EXERCISE PROMPT —
Go through the following data and transcribe exactly the stretch of lines from the one holding "s : tens_eq s s" to the one holding "(forall r x, f (r *: x) = r *: f x) ->", both included.

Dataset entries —
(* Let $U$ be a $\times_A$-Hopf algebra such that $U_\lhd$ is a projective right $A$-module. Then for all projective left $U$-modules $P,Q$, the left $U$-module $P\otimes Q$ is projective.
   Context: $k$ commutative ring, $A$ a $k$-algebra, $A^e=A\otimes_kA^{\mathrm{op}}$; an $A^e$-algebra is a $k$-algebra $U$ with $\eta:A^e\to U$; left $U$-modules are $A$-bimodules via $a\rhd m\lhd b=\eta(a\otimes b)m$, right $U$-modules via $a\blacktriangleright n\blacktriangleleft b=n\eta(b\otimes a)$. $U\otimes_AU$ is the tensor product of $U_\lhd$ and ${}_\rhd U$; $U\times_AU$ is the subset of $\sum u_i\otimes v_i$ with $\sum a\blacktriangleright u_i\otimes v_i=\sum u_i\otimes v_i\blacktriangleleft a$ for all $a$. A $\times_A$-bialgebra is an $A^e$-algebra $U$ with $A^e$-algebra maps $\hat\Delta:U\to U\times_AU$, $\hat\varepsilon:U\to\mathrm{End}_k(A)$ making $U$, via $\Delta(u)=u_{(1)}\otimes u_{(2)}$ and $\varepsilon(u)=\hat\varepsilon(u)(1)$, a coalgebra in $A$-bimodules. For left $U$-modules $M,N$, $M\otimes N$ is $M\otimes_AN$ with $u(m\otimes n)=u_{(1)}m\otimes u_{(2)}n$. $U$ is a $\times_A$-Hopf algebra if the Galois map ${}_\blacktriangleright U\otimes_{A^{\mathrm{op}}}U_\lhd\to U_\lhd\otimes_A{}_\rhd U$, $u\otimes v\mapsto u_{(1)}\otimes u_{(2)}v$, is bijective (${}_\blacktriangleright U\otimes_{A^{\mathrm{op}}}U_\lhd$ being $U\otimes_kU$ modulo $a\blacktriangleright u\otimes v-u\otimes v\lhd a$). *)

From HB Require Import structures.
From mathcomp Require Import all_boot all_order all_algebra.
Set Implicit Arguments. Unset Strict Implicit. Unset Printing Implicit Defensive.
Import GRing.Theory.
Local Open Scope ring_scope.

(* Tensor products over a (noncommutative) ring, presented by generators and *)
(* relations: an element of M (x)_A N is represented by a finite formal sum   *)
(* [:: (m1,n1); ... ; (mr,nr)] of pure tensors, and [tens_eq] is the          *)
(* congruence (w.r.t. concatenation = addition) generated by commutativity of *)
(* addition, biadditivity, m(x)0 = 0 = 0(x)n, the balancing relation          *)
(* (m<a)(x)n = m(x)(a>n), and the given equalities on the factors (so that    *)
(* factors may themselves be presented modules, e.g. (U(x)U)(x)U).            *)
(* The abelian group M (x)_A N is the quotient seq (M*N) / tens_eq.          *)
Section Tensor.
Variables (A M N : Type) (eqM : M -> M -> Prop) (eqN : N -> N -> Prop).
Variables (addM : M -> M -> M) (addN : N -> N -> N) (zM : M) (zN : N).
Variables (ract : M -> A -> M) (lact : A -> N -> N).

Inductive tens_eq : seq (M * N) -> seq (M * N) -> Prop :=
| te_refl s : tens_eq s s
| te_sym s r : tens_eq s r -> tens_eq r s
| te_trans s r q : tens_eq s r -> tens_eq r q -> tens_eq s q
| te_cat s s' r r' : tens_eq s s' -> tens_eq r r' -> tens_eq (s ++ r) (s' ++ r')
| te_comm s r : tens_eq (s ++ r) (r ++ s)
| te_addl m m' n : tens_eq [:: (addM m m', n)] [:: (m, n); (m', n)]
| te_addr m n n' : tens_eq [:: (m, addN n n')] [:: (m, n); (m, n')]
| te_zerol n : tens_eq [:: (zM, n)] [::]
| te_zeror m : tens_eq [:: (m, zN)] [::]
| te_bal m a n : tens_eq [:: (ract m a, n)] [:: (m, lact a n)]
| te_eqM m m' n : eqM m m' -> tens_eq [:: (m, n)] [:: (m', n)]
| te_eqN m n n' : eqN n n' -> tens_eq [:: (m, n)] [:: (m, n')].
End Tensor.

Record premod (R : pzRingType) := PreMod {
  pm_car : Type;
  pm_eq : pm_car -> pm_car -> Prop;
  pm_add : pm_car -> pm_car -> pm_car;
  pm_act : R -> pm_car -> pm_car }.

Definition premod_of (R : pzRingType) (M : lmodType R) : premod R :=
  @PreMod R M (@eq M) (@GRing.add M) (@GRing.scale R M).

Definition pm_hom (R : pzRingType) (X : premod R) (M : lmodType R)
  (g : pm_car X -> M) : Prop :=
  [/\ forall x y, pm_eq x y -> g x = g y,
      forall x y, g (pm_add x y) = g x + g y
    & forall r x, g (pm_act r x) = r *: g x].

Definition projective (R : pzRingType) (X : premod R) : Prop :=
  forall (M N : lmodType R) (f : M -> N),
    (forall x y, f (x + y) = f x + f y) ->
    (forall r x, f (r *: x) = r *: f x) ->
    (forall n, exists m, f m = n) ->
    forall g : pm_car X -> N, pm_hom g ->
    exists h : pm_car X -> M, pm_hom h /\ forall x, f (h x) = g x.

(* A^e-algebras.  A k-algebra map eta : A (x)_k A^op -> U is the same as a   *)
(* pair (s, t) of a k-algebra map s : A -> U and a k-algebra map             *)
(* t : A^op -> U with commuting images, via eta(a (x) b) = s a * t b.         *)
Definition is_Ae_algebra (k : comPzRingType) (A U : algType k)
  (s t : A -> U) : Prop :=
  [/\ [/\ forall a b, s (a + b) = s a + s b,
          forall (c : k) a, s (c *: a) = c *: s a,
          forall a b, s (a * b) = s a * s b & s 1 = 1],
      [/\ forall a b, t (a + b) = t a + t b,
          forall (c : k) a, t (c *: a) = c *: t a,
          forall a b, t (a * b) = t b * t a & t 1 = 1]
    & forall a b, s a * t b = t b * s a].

REPLY —
| te_refl s : tens_eq s s
| te_sym s r : tens_eq s r -> tens_eq r s
| te_trans s r q : tens_eq s r -> tens_eq r q -> tens_eq s q
| te_cat s s' r r' : tens_eq s s' -> tens_eq r r' -> tens_eq (s ++ r) (s' ++ r')
| te_comm s r : tens_eq (s ++ r) (r ++ s)
| te_addl m m' n : tens_eq [:: (addM m m', n)] [:: (m, n); (m', n)]
| te_addr m n n' : tens_eq [:: (m, addN n n')] [:: (m, n); (m, n')]
| te_zerol n : tens_eq [:: (zM, n)] [::]
| te_zeror m : tens_eq [:: (m, zN)] [::]
| te_bal m a n : tens_eq [:: (ract m a, n)] [:: (m, lact a n)]
| te_eqM m m' n : eqM m m' -> tens_eq [:: (m, n)] [:: (m', n)]
| te_eqN m n n' : eqN n n' -> tens_eq [:: (m, n)] [:: (m, n')].
End Tensor.

Record premod (R : pzRingType) := PreMod {
  pm_car : Type;
  pm_eq : pm_car -> pm_car -> Prop;
  pm_add : pm_car -> pm_car -> pm_car;
  pm_act : R -> pm_car -> pm_car }.

Definition premod_of (R : pzRingType) (M : lmodType R) : premod R :=
  @PreMod R M (@eq M) (@GRing.add M) (@GRing.scale R M).

Definition pm_hom (R : pzRingType) (X : premod R) (M : lmodType R)
  (g : pm_car X -> M) : Prop :=
  [/\ forall x y, pm_eq x y -> g x = g y,
      forall x y, g (pm_add x y) = g x + g y
    & forall r x, g (pm_act r x) = r *: g x].

Definition projective (R : pzRingType) (X : premod R) : Prop :=
  forall (M N : lmodType R) (f : M -> N),
    (forall x y, f (x + y) = f x + f y) ->
    (forall r x, f (r *: x) = r *: f x) ->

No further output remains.